■ WHAT TO WORK ON
From the records below, copy out exactly the lines from the one containing "Lemma mderiv_homog P" to the one containing "have [/homP|] := boolP", both included. Add nothing else.

Collected data entries:
Record triangularizable (L : (S -> S) -> Prop) (alpha : 'I_n -> (S -> S)) : Prop := {
  tri_der : forall D, L D -> is_derivation D;
  tri_add : forall D E, L D -> L E -> L (add_op D E);
  tri_smul : forall s D, L D -> L (smul_op s D);
  tri_bracket : forall D E, L D -> L E -> L (bracket_op D E);
  tri_basis_in : forall i, L (alpha i);
  tri_span : forall D, L D ->
     exists c : 'I_n -> S, D = (fun p => \sum_(i < n) c i * alpha i p);
  tri_free : forall c : 'I_n -> S,
     (fun p => \sum_(i < n) c i * alpha i p) = (fun _ => 0) -> forall i, c i = 0;
  tri_triang : forall i j : 'I_n, (j < i)%N -> alpha i 'X_j = 0;
  tri_nonzero : \prod_(i < n) alpha i 'X_i != 0
}.

Definition is_kalg_morph (A B : algType k) (f : A -> B) : Prop :=
  [/\ f 1 = 1, (forall x y, f (x * y) = f x * f y),
      (forall x y, f (x + y) = f x + f y) & (forall (c : k) x, f (c *: x) = c *: f x)].

(* (phi, psi) : (S, L) -> A satisfies the defining relations of the
   enveloping algebra of the Lie-Rinehart algebra (S, L). *)
Definition LR_rep (L : (S -> S) -> Prop) (A : algType k)
    (phi : S -> A) (psi : (S -> S) -> A) : Prop :=
  [/\ is_kalg_morph phi,
      (forall D E, L D -> L E -> psi (add_op D E) = psi D + psi E),
      (forall s D, L D -> psi (smul_op s D) = phi s * psi D),
      (forall D E, L D -> L E -> psi (bracket_op D E) = psi D * psi E - psi E * psi D)
    & (forall s D, L D -> psi D * phi s - phi s * psi D = phi (D s))].

Definition is_enveloping_algebra (L : (S -> S) -> Prop) (U : algType k)
    (iS : S -> U) (iL : (S -> S) -> U) : Prop :=
  LR_rep L iS iL /\
  forall (A : algType k) (phi : S -> A) (psi : (S -> S) -> A),
    LR_rep L phi psi ->
    exists f : U -> A,
      [/\ is_kalg_morph f, (forall s, f (iS s) = phi s),
          (forall D, L D -> f (iL D) = psi D)
        & (forall g : U -> A, is_kalg_morph g -> (forall s, g (iS s) = phi s) ->
             (forall D, L D -> g (iL D) = psi D) -> forall u, g u = f u)].

End LR.

From HB Require Import structures.
From mathcomp Require Import all_boot all_order all_algebra.
From mathcomp Require Import mpoly.
From mathcomp Require Import boolp.
Set Implicit Arguments. Unset Strict Implicit. Unset Printing Implicit Defensive.
Import GRing.Theory.
Local Open Scope ring_scope.

(** Representing [S] on itself by multiplications and derivations splits
  [iS], so [iS] is injective.  [U] is exhausted by the filtration [U_d]
  spanned by [iS s] times at most [d] factors [iL D], and modulo [U_(d-1)]
  every element of [U_d] is [sum_m iS (P_m) beta^m] for a homogeneous
  polynomial [P] of degree [d] in [n] variables over [S] (its symbol), where
  [beta^m] is the ordered monomial in [beta_i = iL alpha_i].  Commutation
  with [t] in [S] lowers the filtration by one, and on symbols it acts as the
  derivation [sum_i alpha_i(t) d/dxi_i].  Since [alpha_i(x_j) = 0] for
  [i > j], [alpha_i(x_i) <> 0] and [k] has characteristic zero, a symbol
  killed by all these derivations for [t = x_1, ..., x_n] has degree zero.
  By induction on [d] this shows first that a homogeneous symbol of degree
  [d] vanishing in [U_(d-1)] is zero, and then that an element of [U_d]
  commuting with [S] lies in [U_(d-1)], hence eventually in [U_0 = iS S]. *)

Section Commutator.
Variable R : pzRingType.
Implicit Types a b c : R.

Lemma commutatorMr a b c :
  a * (b * c) - b * c * a = (a * b - b * a) * c + b * (a * c - c * a).
Proof. by rewrite mulrBl mulrBr !mulrA addrA subrK. Qed.

Lemma commutatorMl a b c :
  a * b * c - c * (a * b) = (a * c - c * a) * b + a * (b * c - c * b).
Proof. by rewrite mulrBl mulrBr !mulrA [RHS]addrC addrA subrK. Qed.

Lemma commutator_shift a b c d :
  b * (a * c) - a * d = (b * a - a * b) * c + a * (b * c - d).
Proof. by rewrite mulrBl mulrBr !mulrA addrA subrK. Qed.

End Commutator.

Section KalgMorphism.
Variables (k : fieldType) (A B : algType k) (f : A -> B).
Hypothesis f_morph : is_kalg_morph f.

Lemma kalg_morph_zmod : zmod_morphism f.
Proof.
by case: f_morph => _ _ fD _ x y; apply/eqP; rewrite eq_sym subr_eq -fD subrK.
Qed.

Lemma kalg_morph_scalable : scalable f.
Proof. by case: f_morph. Qed.

Lemma kalg_morph_monoid : monoid_morphism f.
Proof. by case: f_morph. Qed.

End KalgMorphism.

Section Subalgebra.
Variables (R : pzRingType) (A : algType R) (S : subalgClosed A).

Record subalg := Subalg { subalg_val : A; subalg_valP : subalg_val \in S }.
HB.instance Definition _ := [isSub for subalg_val].
HB.instance Definition _ := [Choice of subalg by <:].
HB.instance Definition _ := [SubChoice_isSubAlgebra of subalg by <:].

End Subalgebra.

Section LinearEndomorphisms.
Variables (R : comNzRingType) (V : lalgType R).

Record lend := LEnd { lend_fun :> V -> V; lend_linear : linear lend_fun }.
HB.instance Definition _ (f : lend) :=
  GRing.isLinear.Build R V V *:%R f (lend_linear f).
HB.instance Definition _ := gen_eqMixin lend.
HB.instance Definition _ := gen_choiceMixin lend.

Lemma lend_ext (f g : lend) : f =1 g -> f = g.
Proof.
case: f g => f fL [g gL] /= /funext fg; subst g; congr LEnd; exact: Prop_irrelevance.
Qed.

Definition lend0 := LEnd (linearP (\0 : {linear V -> V})).
Definition lend_opp (f : lend) := LEnd (linearP (\- f)).
Definition lend_add (f g : lend) := LEnd (linearP (f \+ g)).
Definition lend1 := LEnd (linearP (@idfun V)).
Definition lend_mul (f g : lend) := LEnd (linearP (f \o g)).
Fact lend_scale_linear (c : R) (f : lend) : linear (fun x => c *: f x).
Proof. by move=> a x y; rewrite linearP scalerDr !scalerA mulrC. Qed.
Definition lend_scale c f := LEnd (lend_scale_linear c f).

Fact lend_addA : associative lend_add.
Proof. by move=> f g h; apply: lend_ext => x /=; rewrite addrA. Qed.
Fact lend_addC : commutative lend_add.
Proof. by move=> f g; apply: lend_ext => x /=; rewrite addrC. Qed.
Fact lend_add0 : left_id lend0 lend_add.
Proof. by move=> f; apply: lend_ext => x /=; rewrite add0r. Qed.
Fact lend_addN : left_inverse lend0 lend_opp lend_add.
Proof. by move=> f; apply: lend_ext => x /=; rewrite addNr. Qed.
HB.instance Definition _ :=
  GRing.isZmodule.Build lend lend_addA lend_addC lend_add0 lend_addN.

Fact lend_mulA : associative lend_mul. Proof. by move=> f g h; apply: lend_ext. Qed.
Fact lend_mul1 : left_id lend1 lend_mul. Proof. by move=> f; apply: lend_ext. Qed.
Fact lend_mulr1 : right_id lend1 lend_mul. Proof. by move=> f; apply: lend_ext. Qed.
Fact lend_mulDl : left_distributive lend_mul lend_add.
Proof. by move=> f g h; apply: lend_ext. Qed.
Fact lend_mulDr : right_distributive lend_mul lend_add.
Proof. by move=> f g h; apply: lend_ext => x /=; rewrite linearD. Qed.
Fact lend1_neq0 : lend1 != 0.
Proof. by apply/eqP => /(congr1 (fun f : lend => f 1)) /eqP; rewrite oner_eq0. Qed.
HB.instance Definition _ := GRing.Zmodule_isNzRing.Build lend
  lend_mulA lend_mul1 lend_mulr1 lend_mulDl lend_mulDr lend1_neq0.

Fact lend_scaleA a b (f : lend) : lend_scale a (lend_scale b f) = lend_scale (a * b) f.
Proof. by apply: lend_ext => x /=; rewrite scalerA. Qed.
Fact lend_scale1 : left_id 1 lend_scale.
Proof. by move=> f; apply: lend_ext => x /=; rewrite scale1r. Qed.
Fact lend_scaleDr : right_distributive lend_scale lend_add.
Proof. by move=> a f g; apply: lend_ext => x /=; rewrite scalerDr. Qed.
Fact lend_scaleDl f : {morph lend_scale^~ f : a b / a + b}.
Proof. by move=> a b; apply: lend_ext => x /=; rewrite scalerDl. Qed.
HB.instance Definition _ := GRing.Zmodule_isLmodule.Build R lend
  lend_scaleA lend_scale1 lend_scaleDr lend_scaleDl.

Fact lend_scaleAl a (f g : lend) : a *: (f * g) = (a *: f) * g.
Proof. by apply: lend_ext. Qed.
HB.instance Definition _ := GRing.Lmodule_isLalgebra.Build R lend lend_scaleAl.
Fact lend_scaleAr a (f g : lend) : a *: (f * g) = f * (a *: g).
Proof. by apply: lend_ext => x /=; rewrite linearZ. Qed.
HB.instance Definition _ := GRing.Lalgebra_isAlgebra.Build R lend lend_scaleAr.

End LinearEndomorphisms.

Lemma mdeg_eqS (n : nat) (m : 'X_{1..n}) d :
  mdeg m = d.+1 -> exists i m', m = (U_(i) + m')%MM /\ mdeg m' = d.
Proof.
move=> mdeg_m; have /existsP[i mi] : [exists i, m i != 0%N].
  apply: contraT => /existsPn m0; suff /eqP : mdeg m == 0%N by rewrite mdeg_m.
  by rewrite mdeg_eq0; apply/eqP/mnmP => i; rewrite mnm0E; apply/eqP/negPn/m0.
have Uim : (U_(i) <= m)%MM by rewrite lep1mP.
exists i, (m - U_(i))%MM; rewrite addmC submK //; split=> //.
by move: mdeg_m; rewrite -{1}(submK Uim) mdegD mdeg1 addn1 => -[].
Qed.

Section MPolyHomog.
Variables (R : nzRingType) (n : nat).
Implicit Types (P : {mpoly R[n]}) (m : 'X_{1..n}).

Lemma homog_ind (Q : {mpoly R[n]} -> Prop) d :
    Q 0 -> (forall P1 P2, Q P1 -> Q P2 -> Q (P1 + P2)) ->
    (forall c m, mdeg m = d -> Q (c *: 'X_[m])) ->
  forall P, P \is d.-homog -> Q P.
Proof.
move=> Q0 QD QX P /dhomogP homP; rewrite (mpolyE P) big_seq.
by apply: big_ind => // m /homP; apply: QX.
Qed.

Lemma mderivXU i j : ('X_i : {mpoly R[n]})^`M(j) = (i == j)%:R.
Proof.
rewrite mderivX mnm1E; case: eqP => [->|_]; last by rewrite scale0r.
by rewrite -{1}(add0m U_(j)%MM) addmK mpolyX0 scale1r.
Qed.

Lemma dhomog0_mpolyC P : P \is 0.-homog -> P = (P@_0)%:MP.
Proof.
move=> /dhomogP homP; apply/mpolyP => m; rewrite mcoeffC.
have [->|m_neq0] := eqVneq m 0%MM; first by rewrite mulr1.
rewrite mulr0; apply/eqP; apply: contraR m_neq0; rewrite -mcoeff_msupp => /homP.
by move/eqP; rewrite mdeg_eq0.
Qed.

Lemma mderiv_homog P d i : P \is d.+1.-homog -> P^`M(i) \is d.-homog.
Proof.
move=> /dhomogP homP; apply/dhomogP => m; rewrite mcoeff_msupp mcoeff_deriv.
have [/homP|] := boolP (m + U_(i) \in msupp P)%MM.
  by move/eqP => /=; rewrite mdegD mdeg1 addn1 eqSS => /eqP.
by rewrite mcoeff_msupp negbK => /eqP ->; rewrite mul0rn eqxx.
Qed.

End MPolyHomog.

Section MPolyDirDeriv.
Variables (R : comNzRingType) (n : nat).
Implicit Types (P : {mpoly R[n]}) (a : 'I_n -> R).

Definition mdirderiv a P : {mpoly R[n]} := \sum_(i < n) a i *: P^`M(i).

Fact mdirderiv_is_linear a : linear (mdirderiv a).
Proof.
move=> c P Q; rewrite /mdirderiv scaler_sumr -big_split /=; apply: eq_bigr => i _.
by rewrite linearP scalerDr !scalerA mulrC.
Qed.
HB.instance Definition _ a :=
  GRing.isLinear.Build R {mpoly R[n]} {mpoly R[n]} *:%R (mdirderiv a)
    (mdirderiv_is_linear a).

■ ANSWER SECTION
Lemma mderiv_homog P d i : P \is d.+1.-homog -> P^`M(i) \is d.-homog.
Proof.
move=> /dhomogP homP; apply/dhomogP => m; rewrite mcoeff_msupp mcoeff_deriv.
have [/homP|] := boolP (m + U_(i) \in msupp P)%MM.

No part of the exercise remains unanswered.